J'ai failli interrompre ma lecture du journal de Michel Leiris à la page 50 et cette phrase « Le prix des mots, c'est le pire de mes maux », tenant l'usage assumé de l'homophonie mots/maux comme un très sûr symptôme de médiocrité poétique. Par clémence, j'ai consenti à n'y voir que l'accès tardif d'une maladie infantile — Leiris alors n'a que vingt-trois ans —, et j'ai poursuivi péniblement ma progression.

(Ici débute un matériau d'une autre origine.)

Lemma dist_dot_shift t a s k :
  dist_dot (fun j => t j + a)%N s (k + a * f s) = dist_dot t s k.
Proof.
rewrite /dist_dot !(big_mkcond (fun m => _ == _ %[mod d])); apply: eq_bigr => m _.
have [m_in|m_out] := eqVneq (sum_mod m) (f s); last first.
  by rewrite p_outside_support // !if_same.
have sumE : ((\sum_(j < n) natv m j) %% d)%N = f s := m_in.
by rewrite dotn_addc -modnDmr -modnMmr sumE modnDmr eqn_modDr.
Qed.

Lemma dist_dot_local t (s s' : inputs c) : (forall j, ~~ (d %| t j)%N -> s j = s' j) ->
  dist_dot t s =1 dist_dot t s'.
Proof.
move=> eq_s k; apply: (ns_marginal_local (K := [set j | ~~ (d %| t j)%N])
  (g := fun m => (dotn t (natv m) %% d)%N)) => [m m' eq_K|j]; last first.
  by rewrite inE; apply: eq_s.
rewrite /dotn /natv -[in LHS]modn_summ -[in RHS]modn_summ; congr (_ %% d)%N.
apply: eq_bigr => j _.
have [/eq_K -> //|] := boolP (j \in [set j | ~~ (d %| t j)%N]).
by rewrite inE negbK => /dvdnP [q ->]; rewrite mulnAC [in RHS]mulnAC !modnMl.
Qed.

Lemma dist_dot_transl t a (s s' : inputs c) :
  (forall j, ~~ (d %| t j + a)%N -> s j = s' j) ->
  transl (dist_dot t s) (dist_dot t s') (a * f s') (a * f s).
Proof.
move=> eq_s k; rewrite -(dist_dot_shift t a s) -(dist_dot_shift t a s').
by rewrite (dist_dot_local eq_s) addnAC.
Qed.

Lemma dist_dot_const t a s : (forall j, t j = a) -> dist_dot t s (a * f s) = 1.
Proof.
move=> tE; have [_ p_sum1] := p_dist.
transitivity (dist_dot (fun=> 0%N) s 0).
  rewrite -[RHS](dist_dot_shift _ a) add0n; apply: eq_bigl => m.
  by congr (_ == _ %[mod d]); apply: eq_bigr => j _; rewrite tE.
rewrite -(p_sum1 s); apply: eq_bigl => m.
by rewrite /dotn big1 ?eqxx // => j _; rewrite mul0n.
Qed.

Let natrd_neq0 : (d%:R : R) != 0. Proof. by rewrite pnatr_eq0 -lt0n. Qed.

Lemma dist_dot_uniform t s : is_const (dist_dot t s) -> forall k, dist_dot t s k = d%:R^-1.
Proof.
move=> t_const k; have := dist_dot_sum t s.
under eq_bigr do rewrite t_const; rewrite sumr_const card_ord t_const => sumE.
by apply: (mulIf natrd_neq0); rewrite mulVf // mulr_natr.
Qed.

Lemma dist_dot_const_transfer t x y : is_const (dist_dot t x) -> is_const (dist_dot t y).
Proof.
move: x y; apply: inputs_coord_ind => x y j eq_xy.
apply: (transl_const d_gt0 (dist_dot_periodic t y) (dist_dot_transl (a := d - t j %% d) _)).
move=> i ndvd; apply/esym/eq_xy; apply: contra ndvd => /eqP ->.
by rewrite dvdn_add_compl.
Qed.

Definition coeff_class (t : 'I_n -> nat) i0 : {set 'I_n} := [set i | t i == t i0 %[mod d]].

Section CoeffClass.
Variables (t : 'I_n -> nat) (i0 : 'I_n).
Let J := coeff_class t i0.

Lemma splice_additive_single_change j (x x' z z' : inputs c) :
  ~ is_const (dist_dot t (splice J x' z')) -> j \notin J ->
  (forall i, i != j -> z i = z' i) -> splice_additive f J x x' z z'.
Proof.
(* [t + a] vanishes mod d exactly on J, and [t + b] at j. *)
move=> nconst jJ eq_z; pose a := (d - t i0 %% d)%N; pose b := (d - t j %% d)%N.
have J_class i : (d %| t i + a)%N = (i \in J) by rewrite dvdn_add_compl // inE.
have off_J w w' y : transl (dist_dot t (splice J w y)) (dist_dot t (splice J w' y))
    (a * f (splice J w' y)) (a * f (splice J w y)).
  by apply: dist_dot_transl => i; rewrite J_class !spliceE => /negbTE ->.
have at_j w : transl (dist_dot t (splice J w z)) (dist_dot t (splice J w z'))
    (b * f (splice J w z')) (b * f (splice J w z)).
  apply: dist_dot_transl => i ndvd; rewrite !spliceE eq_z //.
  by apply: contra ndvd => /eqP ->; rewrite dvdn_add_compl.
apply: (transl_square d_gt0 d_prime (dist_dot_periodic _ _) nconst _
  (off_J _ _ _) (off_J _ _ _) (at_j _) (at_j _)).
apply: contra jJ => /eqP eq_ab; rewrite -J_class /dvdn -modnDmr eq_ab modnDmr.
by rewrite modn_add_compl.
Qed.

Lemma splice_additive_of_nonconst : (forall s, ~ is_const (dist_dot t s)) ->
  forall x x' y y', splice_additive f J x x' y y'.
Proof.
move=> nconst x x'.
suff step y (z z' : inputs c) j : (forall i, i != j -> z i = z' i) ->
    splice_additive f J x x' y z -> splice_additive f J x x' y z'.
  by move=> y y'; apply: (inputs_coord_ind (step y)); rewrite /splice_additive addnC.
move=> eq_z IHz.
have [jJ|jJ] := boolP (j \in J).
  have same w : splice J w z = splice J w z'.
    apply/ffunP => i; rewrite !spliceE; case: ifP => // iJ.
    by apply: eq_z; apply: contraFneq iJ => ->.
  by rewrite /splice_additive -!same.
exact: eqn_mod_add_chain IHz (splice_additive_single_change _ (nconst _) jJ eq_z).
Qed.

Lemma bipartite_linear_of_nonconst i1 (s0 : inputs c) : ~~ (t i1 == t i0 %[mod d])%N ->
  (forall s, ~ is_const (dist_dot t s)) -> bipartite_linear f.
Proof.
move=> neq_i1 nconst; apply: (bipartite_linear_of_splice (J := J) s0).
- by apply/set0Pn; exists i0; rewrite inE.
- apply/eqP => JT; have : i1 \in J by rewrite JT inE.
  by rewrite inE (negbTE neq_i1).
- exact: splice_additive_of_nonconst.
Qed.
End CoeffClass.

Lemma dist_dot_const_of_not_bipartite t i0 i1 s : ~ bipartite_linear f ->
  ~~ (t i1 == t i0 %[mod d])%N -> is_const (dist_dot t s).
Proof.
move=> nbl neq_i1; apply: NNPP => s_nconst.
apply/nbl/(bipartite_linear_of_nonconst s neq_i1).
by move=> s' s'_const; apply: s_nconst (dist_dot_const_transfer s s'_const).
Qed.

Definition collision_sum (s : inputs c) (ms : outputs n d) : R :=
  \sum_(t : outputs n d) dist_dot (natv t) s (dotn (natv t) (natv ms)).

Lemma collision_sumE s ms :
  collision_sum s ms = p s ms * d%:R ^+ n + (1 - p s ms) * d%:R ^+ n.-1.
Proof.
have [_ p_sum1] := p_dist.
have -> : collision_sum s ms = \sum_m p s m *
    #|[set t : outputs n d |
         dotn (natv t) (natv m) == dotn (natv t) (natv ms) %[mod d]]|%:R.
  rewrite /collision_sum /dist_dot (exchange_big_dep xpredT) //=; apply: eq_bigr => m _.
  by rewrite -sum1dep_card natr_sum mulr_sumr; apply: eq_big => // t; rewrite mulr1.
rewrite (bigD1 ms) //= card_dotn_eq // eqxx natrX.
rewrite (eq_bigr (fun m => p s m * d%:R ^+ n.-1)) => [|m /negbTE neq_m]; last first.
  by rewrite card_dotn_eq // neq_m natrX.
rewrite -mulr_suml; congr (_ + _ * _); apply/eqP.
by rewrite eq_sym subr_eq addrC -(p_sum1 s) (bigD1 ms).
Qed.

Lemma collision_sum_support s ms : (0 < n)%N -> ~ bipartite_linear f -> sum_mod ms = f s ->
  collision_sum s ms = d%:R + (d%:R ^+ n - d%:R) / d%:R.
Proof.
move=> n_gt0 nbl ms_in; pose C := [set ([ffun=> a] : outputs n d) | a : 'I_d].
have sum_C t : t \in C -> dist_dot (natv t) s (dotn (natv t) (natv ms)) = 1.
  case/imsetP => a _ ->; rewrite -dist_dot_periodic.
  have sumE : ((\sum_(j < n) ms j) %% d)%N = f s := ms_in.
  have -> : (dotn (natv [ffun=> a]) (natv ms) %% d = a * f s %% d)%N.
    rewrite /dotn /natv; under eq_bigr do rewrite ffunE.
    by rewrite -big_distrr /= -[in LHS]modnMmr sumE.
  by rewrite dist_dot_periodic (dist_dot_const _ (a := a)) // => j; rewrite /natv ffunE.
have sum_notC t : t \notin C -> dist_dot (natv t) s (dotn (natv t) (natv ms)) = d%:R^-1.
  move=> tC; pose i0 := Ordinal n_gt0.
  have [j neq_j] : exists j, t j != t i0.
    apply/existsP; rewrite -negb_forall; apply: contra tC => /forallP t_const.
    by apply/imsetP; exists (t i0) => //; apply/ffunP => j; rewrite ffunE; apply/eqP.
  apply/dist_dot_uniform/(dist_dot_const_of_not_bipartite (i0 := i0) (i1 := j)) => //.
  by rewrite /natv !modn_small.
have card_nonconst : (#|[predC C]| + d = d ^ n)%N.
  by have := cardC C; rewrite card_const_outputs // card_ffun !card_ord addnC.
rewrite /collision_sum (bigID (mem C)) /= (eq_bigr _ sum_C) (eq_bigr _ sum_notC).
rewrite !sumr_const card_const_outputs //.
by rewrite -natrX -card_nonconst natrD addrK mulr_natl.
Qed.

Lemma p_on_support s ms : (0 < n)%N -> ~ bipartite_linear f -> sum_mod ms = f s ->
  p s ms = (d%:R ^+ n.-1)^-1.
Proof.
move=> n_gt0 nbl ms_in; set N := d%:R ^+ n.-1.
have N_neq0 : N != 0 by rewrite expf_neq0.
have d_neq1 : d%:R - 1 != 0 :> R.
  by rewrite subr_eq0 pnatr_eq1 neq_ltn (prime_gt1 d_prime) orbT.
have := collision_sumE s ms; rewrite collision_sum_support // -(prednK n_gt0) exprS -/N.
have divE : (d%:R * N - d%:R) / d%:R = N - 1 by field.
rewrite divE => sumE.
have : (p s ms * N - 1) * (d%:R - 1) = 0.
  rewrite -[RHS](subrr (d%:R + (N - 1))) {1}sumE; ring.
move/eqP; rewrite mulf_eq0 (negbTE d_neq1) orbF subr_eq0 => /eqP pN.
by rewrite -[p s ms]mulr1 -(divff N_neq0) mulrA pN mul1r.
Qed.
End DeterministicCorrelator.

Theorem theorem2p3p1 (R : realFieldType) (n d : nat) (c : 'I_n -> nat)
  (f : inputs c -> 'I_d) (p : inputs c -> outputs n d -> R) :
  (2 <= n)%N -> prime d -> ~ bipartite_linear f ->
  is_distribution p -> non_signalling p ->
  (forall s k, correlator p s k = (k == (f s : nat))%:R) ->
  forall s m, p s m = if sum_mod m == (f s : nat)
                      then ((d%:R : R) ^+ (n - 1))^-1 else 0.
Proof.
move=> n_ge2 d_prime nbl p_dist p_ns p_corr s m.
case: eqP => [m_in|/eqP m_out]; last exact: p_outside_support.
by rewrite subn1; apply: p_on_support => //; apply: ltnW.
Qed.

A la page 67, j'ai lu cette phrase : « Chacun est libre de préférer les jeux de hasard à la rigueur mathématique du jeu d'échecs. », qui ressemblait à celle que j'avais écrite quelques heures plus tôt, dans la note précédente : « Libre à chacun de préférer vivre dans un monde dont le plus grand champion d'échecs est un ordinateur, etc », dans sa construction comme par son thème, quoique avec des visées différentes. Je cite un extrait un peu long, c'est le meilleur du livre jusqu'ici : « Toute affirmation reposant sur des bases rationnelles est une duperie, — à moins toutefois que l'on ne perde jamais de vue la gratuité de tous les axiomes qui servent de bases premières à la logique et à toutes les sciences exactes. La logique ne peut prétendre à être autre chose qu'un jeu. Chacun est libre de préférer les jeux de hasard à la rigueur mathématique du jeu d'échecs. Il y aurait entre notre science de l'erreur et la science orthodoxe le même rapport qu'entre les jeux de cartes et celui des échecs. Le jeu de l'erreur [est] constamment renouvelé dans son intérêt par l'intervention du hasard mystique imprévisible, alors que celui des échecs ou de la science orthodoxe n'est jamais gouverné que par la force ou la capacité des joueurs. »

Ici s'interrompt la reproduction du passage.